In another instance, the folding operations occurs as garbage collection in a memory device such as quadruple-level cell (QLC) memory device. Garbage collection is a process to recover free space by relocating pages with data to new blocks, and erasing old blocks. Specifically, a block can include valid data pages and data pages that are no longer needed (e.g., stale pages). Garbage collection generally involves copying only the valid data pages from a source block to a destination block and then erasing the source block to free the space. The two-pass programming also occurs when the garbage collection is performed in the QLC memory devices. This is a demand for management on the folding operations in the two-pass programming memory devices such as QLC memory devices. For example, after completing the first pass but before completing the second pass of the two-pass programming operation, the data stored in the source management units cannot be deleted because the data needs to be retrieved again for performing the second pass, and thus the source management units cannot be released for other use.

Aspects of the present disclosure address the above and other deficiencies by utilizing a new cache for the folding operation and implementing firmware to manage the cache and facilitate the folding operation, where the folding operation migrates host data stored at a particular number of data locations of the memory sub-system (“source management units” such as one or more logical units (LUNs) (e.g., a die, a plane, a block, a page)) to other data locations of the memory sub-system (“destination management units” such as one or more logical units (LUNs) (e.g., a die, a plane, a block, a page)). Specifically, the firmware (e.g., a folding cache manager) running on a controller of a memory sub-system or a memory device can retrieve valid data from source management units (e.g., a source page stripe), for example, in a predefined order of source management units. The firmware can store the retrieved valid data in cache management units in a sequential order of cache management units. While storing the valid data, the firmware can generate physical to logical (P2L) metadata of the valid data and store that P2L metadata along with the valid data in the cache management units. The P2L metadata of the valid data maps the logical address of the valid data to the physical address corresponding to the destination management units. The firmware may keep storing the valid data until the amount of stored valid data satisfies a threshold criterion, such as reaches a predetermined threshold of capacity (e.g., all valid data in a source management unit is stored, or valid data fully occupies a cache management unit). Upon the threshold criterion being satisfied, the firmware may send the valid data, in an order that is the same as the sequential order in which the data stored, to the destination management units. The locations of valid data being stored in the destination management units are determined based on the P2L metadata. The firmware (or a local controller on the memory device including the destination management units) can program the valid data using two-pass programming operations to the destination management units.

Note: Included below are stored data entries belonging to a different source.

(* Only strips with bounds in [-2W, 2W] are constrained: a translated copy of T
   inside a larger configuration must not see the other copies. *)
Definition strip_polychromatic (C : Type) (W : R) (m : nat) (T : seq point)
    (c : point -> C) : Prop :=
  forall lo hi, -(2 * W) <= lo -> hi <= 2 * W ->
    size (hedge T (diag_strip lo hi)) = m ->
  forall col, exists2 v, v \in hedge T (diag_strip lo hi) & c v = col.

Definition quadrant_forcing (m d : nat) (W : R) (T : seq point) : Prop :=
  forall (C : Type) (c : point -> C), strip_polychromatic W m T c ->
  forall col, exists p, [/\ in_box W p, size (hedge T (sw_quadrant p.1 p.2)) = d
    & {in hedge T (sw_quadrant p.1 p.2), forall v, c v = col}].

Definition forcing_config (m d : nat) (W : R) (T : seq point) : Prop :=
  [/\ 0 < W, uniq T, general_position T, {in T, forall p, in_box W p}
    & quadrant_forcing m d W T].

Lemma forcing_config_nil m W : 0 < W -> forcing_config m 0 W [::].
Proof.
move=> W_gt0; split=> //.
by move=> C c _ col; exists (0, 0); split=> //; split=> /=; lra.
Qed.

Section Staircase.

(* [S] separates the diagonal bands (of width [4W]) of consecutive copies, [r]
   puts every corner diagonally below all copies, and [D] separates the cells
   [[-r, W)^2] of consecutive copies. *)
Variables (m : nat) (W S r D : R) (T : seq point).
Hypotheses (m_gt0 : (0 < m)%N) (W_gt0 : 0 < W).
Hypotheses (S_gt : 4 * W < S) (r_ge : W + m%:R * S <= r) (D_ge : r + W <= D).
Hypotheses (T_uniq : uniq T) (T_box : {in T, forall p, in_box W p}).

Definition shift (j : nat) (v : point) : point :=
  (v.1 + j%:R * D + j%:R * S, v.2 - j%:R * D).
Definition corner : point := (- r, - r).
Definition block : seq point := corner :: T.
Definition staircase : seq point := [seq shift j v | j <- iota 0 m, v <- block].
Definition staircase_width := r + m%:R * D + m%:R * S.
(* [%R]: arguments of type [R] are otherwise read in Stdlib's [R_scope]. *)
Definition corner_strip : region := diag_strip (- (2 * r))%R (- (2 * W))%R.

In some implementations, the source management unit is a SLC page stripe or a QLC page stripe, the destination management unit is a QLC page stripe, and the cache management unit is a dynamic random access memory (DRAM) stripe. A page stripe may be an ordered set of pages having the same page identifier (e.g., the same page number), across a block stripe, and a block stripe is an ordered collection of blocks of a memory device, one block from each plane of each logical unit (LUN) (e.g., a die) of the memory device, such that the collection of pages is treated as an elementary programmable unit. The SLC page stripe thus represents the elementary programmable unit of SLCs and the QLC page stripe represents the elementary programmable unit of QLCs. The DRAM stripe is an ordered set of pages of DRAM. Although SLC, QLC, DRAM are used as examples of the memory devices, other cell type memory devices (e.g., MLC, TLC, etc.) and/or other types of memory devices are also applicable.

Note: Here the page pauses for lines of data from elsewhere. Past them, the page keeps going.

(* Let $\mathcal M$ be a small symmetric monoidal category. Then there is an isomorphism of short exact sequences of commutative monoids $$\begin{array}{ccccc} K(\mathrm{Pic}(\mathcal M)) & \xrightarrow{K(\iota_{\mathcal M})} & K(\mathcal M) & \xrightarrow{K(\pi_{\mathcal M})} & K(P(\mathcal M))\\ \downarrow\cong && \| && \downarrow\cong\\ U(K\mathcal M) & \longrightarrow & K(\mathcal M) & \longrightarrow & K(\mathcal M)/U(K\mathcal M)\end{array}$$ (commutative diagram with vertical isomorphisms and middle map the identity), where the bottom row consists of the inclusion and the quotient map. Moreover, writing $\mathrm{Pic}[\mathcal M]=K(\mathrm{Pic}(\mathcal M))$ and $\mathrm{Pure}[\mathcal M]=K(P(\mathcal M))$, the short exact sequence $\mathrm{Pic}[\mathcal M]\to K(\mathcal M)\to\mathrm{Pure}[\mathcal M]$ is a homotopy invariant of $\mathcal M$: any symmetric monoidal equivalence $\mathcal M\simeq\mathcal N$ induces an isomorphism between the corresponding exact sequences of $\mathcal M$ and $\mathcal N$.
   Context: For a small symmetric monoidal category $\mathcal M$, $K(\mathcal M)$ is the commutative monoid of isomorphism classes $\langle X\rangle$ of objects of $\mathcal M$ with $\langle X\rangle\langle Y\rangle=\langle X\otimes Y\rangle$ and unit $\langle I\rangle$; $K$ is a functor on symmetric (strong) monoidal functors. An object $A$ is weakly invertible if $A\otimes B\cong B\otimes A\cong I$ for some $B$; $\mathrm{Pic}(\mathcal M)$ is the subcategory of weakly invertible objects and isomorphisms, and $\iota_{\mathcal M}$ its inclusion. $P(\mathcal M)$ is the symmetric monoidal category with the same objects as $\mathcal M$, morphisms $X\to Y$ the classes $[A,f]$ of pairs with $A$ weakly invertible and $f\colon X\to Y\otimes A$, where $(A,f)\sim(A',f')$ iff there is an isomorphism $\alpha\colon A\to A'$ with $(Y\otimes\alpha)f=f'$; composition $[B,g]\circ[A,f]=[B\otimes A,\ a_{Z,B,A}(g\otimes A)f]$, identities $[I,r_X^{-1}]$, tensor on objects as in $\mathcal M$, tensor of $[A,f]$ and $[A',f']$ equal to $[A\otimes A',g]$ with $g$ being $f\otimes f'$ followed by the canonical reassociation using the symmetry $b_{A,Y'}$ into $(Y\otimes Y')\otimes(A\otimes A')$, and structure isomorphisms the images under $\pi_{\mathcal M}$; $\pi_{\mathcal M}\colon\mathcal M\to P(\mathcal M)$ is identity on objects and $f\colon X\to Y$ goes to $[I,r_Y^{-1}f]$. For a commutative monoid $M$, $U(M)$ is the group of invertible elements, and $M/U(M)$ is the quotient of $M$ by the congruence $x\sim y\iff x=uy$ for some $u\in U(M)$; the sequence $U(M)\hookrightarrow M\to M/U(M)$ is the exact sequence of $M$ in the torsion theory on commutative monoids whose torsion objects are abelian groups and torsion-free objects are monoids whose only invertible element is the unit. *)

From Stdlib Require Import ClassicalEpsilon FunctionalExtensionality
  PropExtensionality ProofIrrelevance.

Set Implicit Arguments.
Unset Strict Implicit.

Record SMC := {
  Ob : Type;
  Hom : Ob -> Ob -> Type;
  idm : forall X, Hom X X;
  comp : forall X Y Z, Hom Y Z -> Hom X Y -> Hom X Z;
  comp_assoc : forall X Y Z W (h : Hom Z W) (g : Hom Y Z) (f : Hom X Y),
      comp h (comp g f) = comp (comp h g) f;
  comp_idl : forall X Y (f : Hom X Y), comp (idm Y) f = f;
  comp_idr : forall X Y (f : Hom X Y), comp f (idm X) = f;
  tens : Ob -> Ob -> Ob;
  tensm : forall X X' Y Y', Hom X X' -> Hom Y Y' -> Hom (tens X Y) (tens X' Y');
  tens_id : forall X Y, tensm (idm X) (idm Y) = idm (tens X Y);
  tens_comp : forall X X' X'' Y Y' Y'' (g : Hom X' X'') (f : Hom X X')
      (g' : Hom Y' Y'') (f' : Hom Y Y'),
      tensm (comp g f) (comp g' f') = comp (tensm g g') (tensm f f');
  unit : Ob;
  asc : forall X Y Z, Hom (tens (tens X Y) Z) (tens X (tens Y Z));
  asc_inv : forall X Y Z, Hom (tens X (tens Y Z)) (tens (tens X Y) Z);
  asc_invl : forall X Y Z, comp (asc_inv X Y Z) (asc X Y Z) = idm _;
  asc_invr : forall X Y Z, comp (asc X Y Z) (asc_inv X Y Z) = idm _;
  asc_nat : forall X X' Y Y' Z Z' (f : Hom X X') (g : Hom Y Y') (h : Hom Z Z'),
      comp (asc X' Y' Z') (tensm (tensm f g) h)
      = comp (tensm f (tensm g h)) (asc X Y Z);
  lu : forall X, Hom (tens unit X) X;
  lu_inv : forall X, Hom X (tens unit X);
  lu_invl : forall X, comp (lu_inv X) (lu X) = idm _;
  lu_invr : forall X, comp (lu X) (lu_inv X) = idm _;
  lu_nat : forall X Y (f : Hom X Y), comp f (lu X) = comp (lu Y) (tensm (idm unit) f);
  ru : forall X, Hom (tens X unit) X;
  ru_inv : forall X, Hom X (tens X unit);
  ru_invl : forall X, comp (ru_inv X) (ru X) = idm _;
  ru_invr : forall X, comp (ru X) (ru_inv X) = idm _;
  ru_nat : forall X Y (f : Hom X Y), comp f (ru X) = comp (ru Y) (tensm f (idm unit));
  br : forall X Y, Hom (tens X Y) (tens Y X);
  br_nat : forall X X' Y Y' (f : Hom X X') (g : Hom Y Y'),
      comp (br X' Y') (tensm f g) = comp (tensm g f) (br X Y);
  br_inv : forall X Y, comp (br Y X) (br X Y) = idm _;
  pentagon : forall W X Y Z,
      comp (asc W X (tens Y Z)) (asc (tens W X) Y Z)
      = comp (tensm (idm W) (asc X Y Z))
             (comp (asc W (tens X Y) Z) (tensm (asc W X Y) (idm Z)));
  triangle : forall X Y,
      comp (tensm (idm X) (lu Y)) (asc X unit Y) = tensm (ru X) (idm Y);
  hexagon : forall X Y Z,
      comp (asc Y Z X) (comp (br X (tens Y Z)) (asc X Y Z))
      = comp (tensm (idm Y) (br X Z))
             (comp (asc Y X Z) (tensm (br X Y) (idm Z)))
}.

Arguments Hom {s}.
Arguments idm {s}.
Arguments comp {s X Y Z}.
Arguments tens {s}.
Arguments tensm {s X X' Y Y'}.
Arguments unit {s}.
Arguments asc {s}.
Arguments asc_inv {s}.
Arguments lu {s}.
Arguments lu_inv {s}.
Arguments ru {s}.
Arguments ru_inv {s}.
Arguments br {s}.

Section IsoTheory.
Variable M : SMC.

Definition is_iso (X Y : Ob M) (f : Hom X Y) : Prop :=
  exists g : Hom Y X, comp g f = idm X /\ comp f g = idm Y.

Definition iso (X Y : Ob M) : Prop := exists f : Hom X Y, is_iso f.

Definition winv (A : Ob M) : Prop :=
  exists B : Ob M, iso (tens A B) unit /\ iso (tens B A) unit.

Lemma iso_refl X : iso X X.
Proof. exists (idm X), (idm X); rewrite comp_idl; auto. Qed.

Lemma iso_sym X Y : iso X Y -> iso Y X.
Proof. intros [f [g [H1 H2]]]; exists g, f; auto. Qed.

Lemma iso_trans X Y Z : iso X Y -> iso Y Z -> iso X Z.
Proof.
  intros [f [f' [H1 H2]]] [g [g' [H3 H4]]].
  exists (comp g f), (comp f' g'); split.
  - rewrite comp_assoc, <- (comp_assoc f' g' g), H3, comp_idr; auto.
  - rewrite comp_assoc, <- (comp_assoc g f f'), H2, comp_idr; auto.
Qed.

Lemma iso_tens X X' Y Y' : iso X X' -> iso Y Y' -> iso (tens X Y) (tens X' Y').
Proof.
  intros [f [f' [H1 H2]]] [g [g' [H3 H4]]].
  exists (tensm f g), (tensm f' g');
  rewrite <- !tens_comp, H1, H2, H3, H4, !tens_id; auto.
Qed.

Lemma iso_asc X Y Z : iso (tens (tens X Y) Z) (tens X (tens Y Z)).
Proof. exists (asc X Y Z), (asc_inv X Y Z); split; apply M. Qed.

Lemma iso_lu X : iso (tens unit X) X.
Proof. exists (lu X), (lu_inv X); split; apply M. Qed.

Lemma iso_ru X : iso (tens X unit) X.
Proof. exists (ru X), (ru_inv X); split; apply M. Qed.

Lemma iso_br X Y : iso (tens X Y) (tens Y X).
Proof. exists (br X Y), (br Y X); split; apply br_inv. Qed.

Lemma winv_unit : winv unit.
Proof. exists unit; split; apply iso_lu. Qed.

Lemma winv_tens A A' : winv A -> winv A' -> winv (tens A A').
Proof.
  intros [B [H1 H2]] [B' [H3 H4]]; exists (tens B' B); split.
  - eapply iso_trans; [apply iso_asc|].
    eapply iso_trans; [apply iso_tens; [apply iso_refl| apply iso_sym, iso_asc]|].
    eapply iso_trans; [apply iso_tens; [apply iso_refl| apply iso_tens; [exact H3|apply iso_refl]]|].
    eapply iso_trans; [apply iso_tens; [apply iso_refl| apply iso_lu]|].
    exact H1.
  - eapply iso_trans; [apply iso_asc|].
    eapply iso_trans; [apply iso_tens; [apply iso_refl| apply iso_sym, iso_asc]|].
    eapply iso_trans; [apply iso_tens; [apply iso_refl| apply iso_tens; [exact H2|apply iso_refl]]|].
    eapply iso_trans; [apply iso_tens; [apply iso_refl| apply iso_lu]|].
    exact H4.
Qed.

(* The category P(M): morphisms X -> Y are classes [A,f] with A weakly
   invertible and f : X -> Y (x) A.                                    *)
Record Pmor (X Y : Ob M) := {
  pA : Ob M;
  pA_winv : winv pA;
  pf : Hom X (tens Y pA)
}.

Definition Pequiv (X Y : Ob M) (p q : Pmor X Y) : Prop :=
  exists alpha : Hom (pA p) (pA q),
    is_iso alpha /\ comp (tensm (idm Y) alpha) (pf p) = pf q.

Definition Pcomp (X Y Z : Ob M) (g : Pmor Y Z) (f : Pmor X Y) : Pmor X Z :=
  {| pA := tens (pA g) (pA f);
     pA_winv := winv_tens (pA_winv g) (pA_winv f);
     pf := comp (asc Z (pA g) (pA f)) (comp (tensm (pf g) (idm (pA f))) (pf f)) |}.

Definition Pid (X : Ob M) : Pmor X X :=
  {| pA := unit; pA_winv := winv_unit; pf := ru_inv X |}.

Definition Piso (X Y : Ob M) : Prop :=
  exists (f : Pmor X Y) (g : Pmor Y X),
    Pequiv (Pcomp g f) (Pid X) /\ Pequiv (Pcomp f g) (Pid Y).

End IsoTheory.

Arguments is_iso {M X Y}.
Arguments iso {M}.
Arguments winv {M}.
Arguments Piso {M}.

As an illustrative example of a folding operation from SLC page stripe(s) to QLC page stripe(s), the firmware can retrieve the valid data from the SLC page stripe(s) and store it sequentially in the DRAM stripe. While storing the valid data, the firmware may generate P2L metadata of the valid data and store it along with the valid data in the DRAM stripe. The P2L metadata indicates the destination location for storing the respective data. The firmware may determine whether the amount of stored valid data satisfies a threshold criterion, such as whether the amount reaches a predetermined threshold of capacity (e.g., all valid data in four SLC page stripes is stored, or valid data fully occupies a DRAM stripe). Responsive to determining that the amount of stored valid data satisfies the threshold criterion, the firmware may send the valid data, in an order same as the sequential order stored in the DRAM stripe, to the destination QLC page stripe. The firmware may write the valid data in the destination QLC page stripe using two-pass programming operation.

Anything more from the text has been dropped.